Received a long email from Senator Sue Boyce – Queensland Online. Senator Boyce is one of the Senators for Queensland that we Queenslanders elect. She is LNP.

Queensland Online is a party-political online newsletter.

I thought it had some good things to say about facilities for people with a disability and their carers. Here are some extracts:

The lack of public transport …was raised as a major issue. When elderly parents can no longer drive their middle-aged children often have to stop socialising and ration medical appointments because their pension won’t cover the taxi fare.

Many parents regarded accommodation as the keystone of a future plan for their adult child yet in Queensland.. we heard of desperately long waits. A person in Toowoomba classified as Priority 1 has been waiting eight years..

Everywhere the story is that only in a crisis such as the death or serious illness of a parent is any help available. This shameful shortfall can mean that people – whose disability often means they are distressed by any change – lose their parent their home and their local community within a week or so and could then spend many months being shifted from one temporary solution such as respite care to another.
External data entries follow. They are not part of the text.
(* Let $N\ge 1$ patches, indexed $I=1,\dots,N$, be equispaced with macroscale spacing $H>0$ on an $L$-periodic domain, $L=NH$. Each patch carries $n\ge1$ interior lattice points with microscale spacing $d>0$, so the patch width is $h=nd=rH$ with $0<r\le 1$, and the left-next-to-edge point of patch $I$ is at $x^I_1=x^1_1+(I-1)H$. The interior values $u^I_i(t)\in\mathbb{R}$, $i=1,\dots,n$, evolve by $$d^2\partial_t u^I_i=\kappa^I_{i+\frac12}(u^I_{i+1}-u^I_i)+\kappa^I_{i-\frac12}(u^I_{i-1}-u^I_i),\qquad i=1,\dots,n,$$ with real diffusivities $\kappa^I_{i\pm1/2}$ satisfying $\kappa^I_{1/2}=\kappa^J_{n+1/2}$ for all patches $I,J$. The edge values are defined by spectral interpolation $$u^I_{n+1}=\sum_{J=1}^N \mathcal I^{IJ}_{n1}u^J_1,\quad \mathcal I^{IJ}_{n1}=\frac1N\sum_{k\in\mathcal K}e^{\mathrm{i}kH(I-J+r)},\qquad u^I_{0}=\sum_{J=1}^N \mathcal I^{IJ}_{1n}u^J_n,\quad \mathcal I^{IJ}_{1n}=\frac1N\sum_{k\in\mathcal K}e^{\mathrm{i}kH(I-J-r)},$$ where $\mathcal K$ is a fixed finite set of integer multiples of $2\pi/L$ that is symmetric ($k\in\mathcal K\Rightarrow -k\in\mathcal K$). Then all $\mathcal I^{IJ}_{n1},\mathcal I^{IJ}_{1n}$ are real, $\mathcal I^{IJ}_{1n}=\mathcal I^{JI}_{n1}$ for all $I,J$, and the resulting linear system $\partial_t\mathbf u=\mathcal L\mathbf u$ for $\mathbf u=(u^1_1,\dots,u^1_n,\dots,u^N_1,\dots,u^N_n)\in\mathbb R^{nN}$ has a real symmetric (hence self-adjoint) matrix $\mathcal L$.
   Context: This is the ''self-adjoint patch scheme'' for 1D heterogeneous lattice diffusion: each patch's edge values $u^I_0$ and $u^I_{n+1}$ are not dynamic variables but are set by interpolating from the next-to-edge values of (possibly all) patches, with the left edge interpolated from the right-next-to-edge values $u^J_n$ and the right edge from the left-next-to-edge values $u^J_1$. Here $\mathrm i=\sqrt{-1}$. A real square matrix is self-adjoint (for the standard inner product) iff it is symmetric. *)

From HB Require Import structures.
From mathcomp Require Import all_boot all_order all_algebra.
From mathcomp Require Import complex.
From mathcomp Require Import reals trigo.
Set Implicit Arguments. Unset Strict Implicit. Unset Printing Implicit Defensive.
Import Order.TTheory GRing.Theory Num.Theory.
Local Open Scope ring_scope.
Local Open Scope complex_scope.

Definition expi (R : realType) (theta : R) : R[i] := cos theta +i* sin theta.

(* Patches are indexed 0..N-1 (paper: 1..N); only differences I-J matter. *)
Definition interp_n1 (R : realType) (N : nat) (H r : R) (K : seq R) (I J : nat) : R[i] :=
  (N%:R)^-1 * \sum_(k <- K) expi (k * H * (I%:R - J%:R + r)).
Definition interp_1n (R : realType) (N : nat) (H r : R) (K : seq R) (I J : nat) : R[i] :=
  (N%:R)^-1 * \sum_(k <- K) expi (k * H * (I%:R - J%:R - r)).

(* State vector u = (u^1_1..u^1_n, ..., u^N_1..u^N_n) in R^{nN}: the entry
   u^I_i (I = 0..N-1, i = 1..n) is stored at index I*n + (i-1). *)
Definition uval (R : realType) (N n : nat) (u : 'cV[R]_(N * n)) (I i : nat) : R :=
  if @insub _ (fun m => (m < N * n)%N) _ (I * n + i.-1)%N is Some b then u b 0 else 0.

(* Extended patch values u^I_i for i = 0..n+1 (complex, since the edge values
   are defined through complex interpolation):
   u^I_0     = sum_J I^{IJ}_{1n} u^J_n,
   u^I_{n+1} = sum_J I^{IJ}_{n1} u^J_1,
   u^I_i     = interior value for 1 <= i <= n. *)
Definition uext (R : realType) (N n : nat) (H r : R) (K : seq R)
    (u : 'cV[R]_(N * n)) (I i : nat) : R[i] :=
  if i == 0%N then \sum_(J < N) interp_1n N H r K I J * (uval u J n)%:C
  else if i == n.+1 then \sum_(J < N) interp_n1 N H r K I J * (uval u J 1)%:C
  else (uval u I i)%:C.

(* Right-hand side of the patch scheme,
   d^2 du^I_i/dt = kappa^I_{i+1/2}(u^I_{i+1}-u^I_i) + kappa^I_{i-1/2}(u^I_{i-1}-u^I_i),
   where kap I j = kappa^I_{j+1/2} (j = 0..n). *)
Definition rhs (R : realType) (N n : nat) (d H r : R) (K : seq R)
    (kap : nat -> nat -> R) (u : 'cV[R]_(N * n)) : 'cV[R[i]]_(N * n) :=
  \col_(a < N * n)
    (let I := (a %/ n)%N in let i := (a %% n).+1 in
     ((kap I i)%:C * (uext H r K u I i.+1 - uext H r K u I i)
      + (kap I i.-1)%:C * (uext H r K u I i.-1 - uext H r K u I i))
     / ((d ^+ 2)%:C)).

From HB Require Import structures.
From mathcomp Require Import all_boot all_order all_algebra.
From mathcomp Require Import complex.
From mathcomp Require Import reals trigo.
From mathcomp Require Import ring lra.
Set Implicit Arguments. Unset Strict Implicit. Unset Printing Implicit Defensive.
Import Order.TTheory GRing.Theory Num.Theory.
Local Open Scope ring_scope.
Local Open Scope complex_scope.

(* 1. Because the wavenumber set K is symmetric (and duplicate free), summing
      an odd phase over K kills the sine parts: sum_k e^{i phi(k)} is the real
      number sum_k cos (phi k).  Hence both interpolation coefficients are real,
      and since cos is even, I^{IJ}_{1n} = I^{JI}_{n1}.
   2. Writing the global index of u^I_i as a = I*n + (i-1), the right-hand side
      of the scheme is linear in u; its value on the a-th basis vector is
      computed explicitly, which yields a real matrix [scheme_matrix] with
      rhs u = scheme_matrix *m u, and shows this matrix is the only one.
   3. Off the diagonal, the entry (a,b) of the matrix is the flux coefficient
      kappa times the weight with which u_b enters a neighbour of point a.  A
      right-edge weight I_{n1} of point a matches the left-edge weight I_{1n}
      of point b by step 1, and kappa_{1/2} = kappa_{n+1/2} matches the
      diffusivities; interior neighbours match trivially. *)

Lemma big_expi (R : realType) (s : seq R) (phi : R -> R) :
  \sum_(k <- s) expi (phi k)
  = (\sum_(k <- s) cos (phi k)) +i* (\sum_(k <- s) sin (phi k)).
Proof. by elim: s => [|k s IH]; rewrite ?big_nil // !big_cons IH. Qed.

Section SymmetricSpectrum.
Variables (R : realType) (K : seq R).
Hypothesis K_uniq : uniq K.
Hypothesis K_sym : forall k, k \in K -> - k \in K.

Lemma opp_perm : perm_eq (map -%R K) K.
Proof.
apply: uniq_perm => //; first by rewrite (map_inj_uniq oppr_inj).
move=> x; rewrite -{1}(opprK x) (mem_map oppr_inj).
by apply/idP/idP => /K_sym; rewrite ?opprK.
Qed.

Lemma big_opp_sym (V : zmodType) (f : R -> V) :
  \sum_(k <- K) f (- k) = \sum_(k <- K) f k.
Proof. by rewrite -(big_map -%R xpredT f); apply: perm_big; exact: opp_perm. Qed.

Lemma sum_expi_odd (phi : R -> R) : (forall k, phi (- k) = - phi k) ->
  \sum_(k <- K) expi (phi k) = (\sum_(k <- K) cos (phi k))%:C.
Proof.
move=> phi_odd; rewrite big_expi; congr (_ +i* _).
have sin_sum_opp : \sum_(k <- K) sin (phi k) = - \sum_(k <- K) sin (phi k).
  rewrite -[LHS](big_opp_sym (fun k => sin (phi k))) -sumrN.
  by apply: eq_bigr => k _; rewrite phi_odd sinN.
lra.
Qed.

End SymmetricSpectrum.

Section Interpolation.
Variables (R : realType) (N : nat) (H r : R) (K : seq R).
Hypothesis K_uniq : uniq K.
Hypothesis K_sym : forall k, k \in K -> - k \in K.

Definition coef_n1 (I J : nat) : R :=
  (N%:R)^-1 * \sum_(k <- K) cos (k * H * (I%:R - J%:R + r)).
Definition coef_1n (I J : nat) : R :=
  (N%:R)^-1 * \sum_(k <- K) cos (k * H * (I%:R - J%:R - r)).

Lemma interp_n1E (I J : nat) : interp_n1 N H r K I J = (coef_n1 I J)%:C.
Proof.
rewrite /interp_n1 (sum_expi_odd K_uniq K_sym); last by move=> k; rewrite !mulNr.
by rewrite rmorphM fmorphV rmorph_nat.
Qed.

Lemma interp_1nE (I J : nat) : interp_1n N H r K I J = (coef_1n I J)%:C.
Proof.
rewrite /interp_1n (sum_expi_odd K_uniq K_sym); last by move=> k; rewrite !mulNr.
by rewrite rmorphM fmorphV rmorph_nat.
Qed.

Lemma coef_1n_transpose (I J : nat) : coef_1n I J = coef_n1 J I.
Proof.
rewrite /coef_1n /coef_n1; congr (_ * _).
rewrite -(big_opp_sym K_uniq K_sym (fun k => cos (k * H * (J%:R - I%:R + r)))).
by apply: eq_bigr => k _; congr cos; ring.
Qed.

End Interpolation.

Section PatchIndex.
Variable n : nat.
Hypothesis n_gt0 : (0 < n)%N.

Lemma eq_patch_index (J k b : nat) : (k < n)%N ->
  (J * n + k == b)%N = (J == b %/ n)%N && (k == b %% n)%N.
Proof.
move=> lt_kn; apply/eqP/andP => [<-|[/eqP -> /eqP ->]]; last by rewrite -divn_eq.
by rewrite divnMDl // modnMDl divn_small // modn_small // addn0.
Qed.

Lemma modnS_cases (a : nat) :
  (a.+1 %% n = if (a %% n).+1 == n then 0 else (a %% n).+1)%N.
Proof.
rewrite {1}(divn_eq a n) -addnS modnMDl; case: eqP => [->|ne]; first exact: modnn.
by rewrite modn_small // ltn_neqAle ltn_pmod // andbT; apply/eqP.
Qed.

Lemma divnS_inside (a : nat) : (a %% n).+1 != n -> (a.+1 %/ n = a %/ n)%N.
Proof.
move=> ne; have lt_n : ((a %% n).+1 < n)%N by rewrite ltn_neqAle ltn_pmod // andbT.
by rewrite {1}(divn_eq a n) -addnS divnMDl // (divn_small lt_n) addn0.
Qed.

End PatchIndex.

Section PatchScheme.
Variables (R : realType) (N n : nat) (H r d : R) (K : seq R).
Variable kap : nat -> nat -> R.
Hypothesis K_uniq : uniq K.
Hypothesis K_sym : forall k, k \in K -> - k \in K.
Hypothesis n_gt0 : (0 < n)%N.

Definition basis_vec (b : 'I_(N * n)) : 'cV[R]_(N * n) := delta_mx b 0.

Lemma uval_basis (b : 'I_(N * n)) (J k : nat) : (J < N)%N -> (0 < k <= n)%N ->
  uval (basis_vec b) J k = ((J * n + k.-1)%N == b)%:R.
Proof.
move=> lt_JN /andP[k_gt0 le_kn].
have lt_idx : (J * n + k.-1 < N * n)%N.
  apply: (@leq_trans (J.+1 * n)); last by rewrite leq_mul2r lt_JN orbT.
  by rewrite mulSn addnC ltn_add2r prednK.
rewrite /uval /basis_vec; case: insubP => [x _ val_x|]; last by rewrite lt_idx.
by rewrite !mxE eqxx andbT -val_eqE /= val_x.
Qed.

Lemma interp_basis (c : nat -> R[i]) (b : 'I_(N * n)) (k : nat) :
  (0 < k <= n)%N ->
  \sum_(J < N) c J * (uval (basis_vec b) J k)%:C
  = c (b %/ n)%N * ((k.-1 == b %% n)%N%:R)%:C.
Proof.
move=> k_range.
have lt_k1 : (k.-1 < n)%N by case/andP: k_range => k_gt0 ?; rewrite prednK.
have lt_bN : (b %/ n < N)%N by rewrite ltn_divLR.
rewrite (bigD1 (Ordinal lt_bN)) //= big1 ?addr0.
  by rewrite uval_basis // eq_patch_index // eqxx.
move=> J neJ; rewrite uval_basis // eq_patch_index //.
case: eqP => [eJ|]; last by rewrite mulr0.
by move: neJ; rewrite -val_eqE /= eJ eqxx.
Qed.

(* Weights with which u_b enters the right and left neighbours of point a:
   at a patch edge they are interpolation coefficients, inside the patch
   they select the adjacent lattice point. *)
Definition right_weight (a b : nat) : R :=
  if ((a %% n).+1 == n)%N then coef_n1 N H r K (a %/ n) (b %/ n) * (0 == b %% n)%N%:R
  else (a.+1 == b)%N%:R.
Definition left_weight (a b : nat) : R :=
  if (a %% n == 0)%N then coef_1n N H r K (a %/ n) (b %/ n) * (n.-1 == b %% n)%N%:R
  else (a.-1 == b)%N%:R.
Perhaps the only surprise is that only some of them develop mental health and behavioural problems.

Ramp Up is the ABC’s new website dedicated to all things disability – to ramp up the conversation about disability in Australia. It’s a place for people with disabilities to have a say.
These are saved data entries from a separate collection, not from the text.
(* The slope [T = 1 + sa / 3] is chosen so that the sector of
   [carg_le_sector] (cotangent [(T^2 - 1) / (2 T) <= sa / 2]) contains the
   points [1 + r e^(2 i PI y)] for [r >= 2 / sa]. *)
Lemma Lambda_le_linear (x y sa : R) : 0 < sa ->
  cos (2 * PI * y) <= - sa -> sin (2 * PI * y) < 0 -> ln (2 / sa) <= 2 * PI * x ->
  Lambda x y <= 2 * atan (1 + sa / 3) * (ln (2 / sa) - 2 * PI * x).
Proof.
  intros hsa hc hs hx.
  set (T := 1 + sa / 3); set (E := exp (2 * PI * x)); set (K := 2 / sa).
  assert (hK : 0 < K) by (apply Rdiv_lt_0_compat; lra).
  assert (hE : 0 < E) by apply exp_pos.
  assert (hKE : K <= E) by (rewrite <- (exp_ln K) by exact hK; apply exp_le_compat, hx).
  assert (hk0 : 0 <= (T ^ 2 - 1) / (2 * T)) by (apply Rdiv_le_0_compat; unfold T; nra).
  assert (hk1 : (T ^ 2 - 1) / (2 * T) <= sa / 2).
  { apply Rmult_le_reg_r with (2 * T); [unfold T; lra |].
    replace ((T ^ 2 - 1) / (2 * T) * (2 * T)) with (T ^ 2 - 1) by (field; unfold T; lra).
    unfold T; nra. }
  pose proof (SIN_bound (2 * PI * y)) as [hs1 _].
  set (u := (E * cos (2 * PI * y), E * sin (2 * PI * y))).
  assert (hu : Im u < 0) by (unfold u, Im; cbn; nra).
  replace (ln K - 2 * PI * x) with (ln (K / E))
    by (unfold Rdiv, E; rewrite ln_mult, ln_Rinv, ln_exp;
        [ring | ..]; try apply Rinv_0_lt_compat; try apply exp_pos; lra).
  assert (hx0 : 0 < K / E) by (apply Rdiv_lt_0_compat; lra).
  assert (hx1 : K / E <= 1)
    by (apply Rmult_le_reg_r with E; [lra |]; unfold Rdiv;
        rewrite Rmult_assoc, Rinv_l, Rmult_1_l, Rmult_1_r; lra).
  unfold Lambda; rewrite cexp_2PI; fold E u.
  apply RInt_le_log; [exact hx0 | exact hx1 | apply ex_RInt_arg_kernel; lra
    | apply ex_RInt_arg_kernel; lra | apply RInt_arg_kernel_nonpos; lra |].
  intros s [hs0 hs1']; unfold arg_kernel; unfold Rdiv at 1.
  replace (- (2 * atan T) / s) with ((- 2 * atan T) * / s) by (field; lra).
  apply Rmult_le_compat_r; [left; apply Rinv_0_lt_compat; lra |].
  assert (hr : K <= s * E).
  { replace K with (K / E * E) at 1 by (field; lra).
    apply Rmult_le_compat_r; lra. }
  apply carg_le_sector; [unfold ray, u, Im; cbn; nra | unfold T; lra |].
  unfold ray, u, Re, Im; cbn [fst snd].
  replace (s * (E * cos (2 * PI * y))) with (s * E * cos (2 * PI * y)) by ring.
  replace (s * (E * sin (2 * PI * y))) with (s * E * sin (2 * PI * y)) by ring.
  apply sector_of_large_radius with sa; assumption.
Qed.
Imagine having to lie down on the floor in your doctor’s surgery to be examined.
It’s the little things able-bodied people don’t see don’t even think about that can be the last straw on a bad day for a person with a disability. So it’s with a fanfare and roll of drums that we can announce after much lobbying by the sector that the Royal Australian College of General Practitioners (RACGP) 4th edition of the Standards for General Practices now includes a requirement for general practice surgeries to have height adjustable examination beds.
Disability Discrimination Commissioner Graeme Innes said: ‘I want to congratulate the RACGP for taking this initiative. Over the years my office has received many distressing accounts of the experiences of patients with disability and older Australians trying to use fixed height beds some having to be examined on the floor or whilst in their wheelchairs some not receiving important screening examinations at all.’
Height adjustable examination beds will assist general practice teams to reduce the risk of injury to all patients. They will also limit the risk of misdiagnosis or non-detection of serious medical conditions reduce the occupational health and safety issues for health practitioners and reduce the risks associated with legal responsibilities under discrimination law.